> **WHAT TO WORK ON**: Beginning with the line that contains "Local Open Scope ring_scope.", transcribe every line down to the end of the entries, exactly, and no other lines.
*** MATERIAL FOR THIS TASK ***
(* Let $A=(a_{ij})$ be column-stochastic and compatible with the strongly connected digraph $\mathcal G$ with parameter $\bar m$, let $(i^k,\mathbf d^k)$ satisfy the asynchrony model with constants $T,D$, and let $\widehat{\mathbf A}^k=\mathbf S^k\mathbf C^k\in\mathbb R^{S\times S}$ be the augmented matrices defined in the context. Then for all $k\in\mathbb N_0$: (a) $\widehat{\mathbf A}^k$ is column-stochastic; (b) every entry in the rows indexed by $\mathcal V$ (the computing agents) of $\widehat{\mathbf A}^{k+K_1-1:k}$ is at least $\eta=\bar m^{K_1}$, where $K_1=(2I-1)T+ID$.
   Context: $\mathcal G=(\mathcal V,\mathcal E)$, $\mathcal V=\{1,\dots,I\}$, strongly connected digraph without self-loops; $(j,i)\in\mathcal E$ means $j$ sends to $i$; $\mathcal N_i^{\rm in}=\{j:(j,i)\in\mathcal E\}$, $\mathcal N_i^{\rm out}=\{j:(i,j)\in\mathcal E\}$. Compatibility with parameter $\bar m\in(0,1)$: $a_{ii}\ge\bar m$, $a_{ij}\ge\bar m$ for $(j,i)\in\mathcal E$, $a_{ij}=0$ otherwise. Asynchrony model: $(i^k,\mathbf d^k)$, $i^k\in\mathcal V$, $\mathbf d^k=(d_j^k)_{j\in\mathcal N^{\rm in}_{i^k}}$, every agent appears among $i^k,\dots,i^{k+T-1}$ for all $k$, $0\le d_j^k\le D$. Counters: $\tau_{ij}^{-1}=-D$ for $(j,i)\in\mathcal E$; $\tau_{i^kj}^k=\max(\tau_{i^kj}^{k-1},k-d_j^k)$ for $j\in\mathcal N^{\rm in}_{i^k}$, and $\tau_{ij}^k=\tau_{ij}^{k-1}$ for $i\ne i^k$. Augmented index set $\widehat{\mathcal V}=\mathcal V\cup\{(j,i)^d:(j,i)\in\mathcal E,\ d=0,\dots,D\}$ (virtual nodes), $S=|\widehat{\mathcal V}|=I+(D+1)|\mathcal E|$. Let $R^k=\{(j,i^k)^d: j\in\mathcal N^{\rm in}_{i^k},\ k-\tau^k_{i^kj}\le d\le D\}$. Sum matrix $\mathbf C^k$: $C^k_{hm}=1$ if $h=i^k$ and $m\in R^k$; $C^k_{hm}=1$ if $h=m\in\widehat{\mathcal V}\setminus R^k$; $0$ otherwise. Push matrix $\mathbf S^k$: $S^k_{(i^k,j)^0,\,i^k}=a_{ji^k}$ for $j\in\mathcal N^{\rm out}_{i^k}$; $S^k_{i^ki^k}=a_{i^ki^k}$; $S^k_{hh}=1$ for $h\in\mathcal V\setminus\{i^k\}$; $S^k_{(i,j)^{d+1},(i,j)^d}=1$ for $(i,j)\in\mathcal E$, $0\le d\le D-1$; $S^k_{(i,j)^D,(i,j)^D}=1$ for $(i,j)\in\mathcal E$; all other entries $0$. $\widehat{\mathbf A}^{k:t}=\widehat{\mathbf A}^k\cdots\widehat{\mathbf A}^t$ ($=\widehat{\mathbf A}^t$ if $k=t$). *)

From HB Require Import structures.
From mathcomp Require Import all_boot all_order all_algebra.
Set Implicit Arguments. Unset Strict Implicit. Unset Printing Implicit Defensive.
Import Order.TTheory GRing.Theory Num.Theory.
Local Open Scope ring_scope.

Section Defs.
Variable R : realFieldType.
*** End of MATERIAL FOR THIS TASK ***
> **ANSWER BELOW**:
Local Open Scope ring_scope.

Section Defs.
Variable R : realFieldType.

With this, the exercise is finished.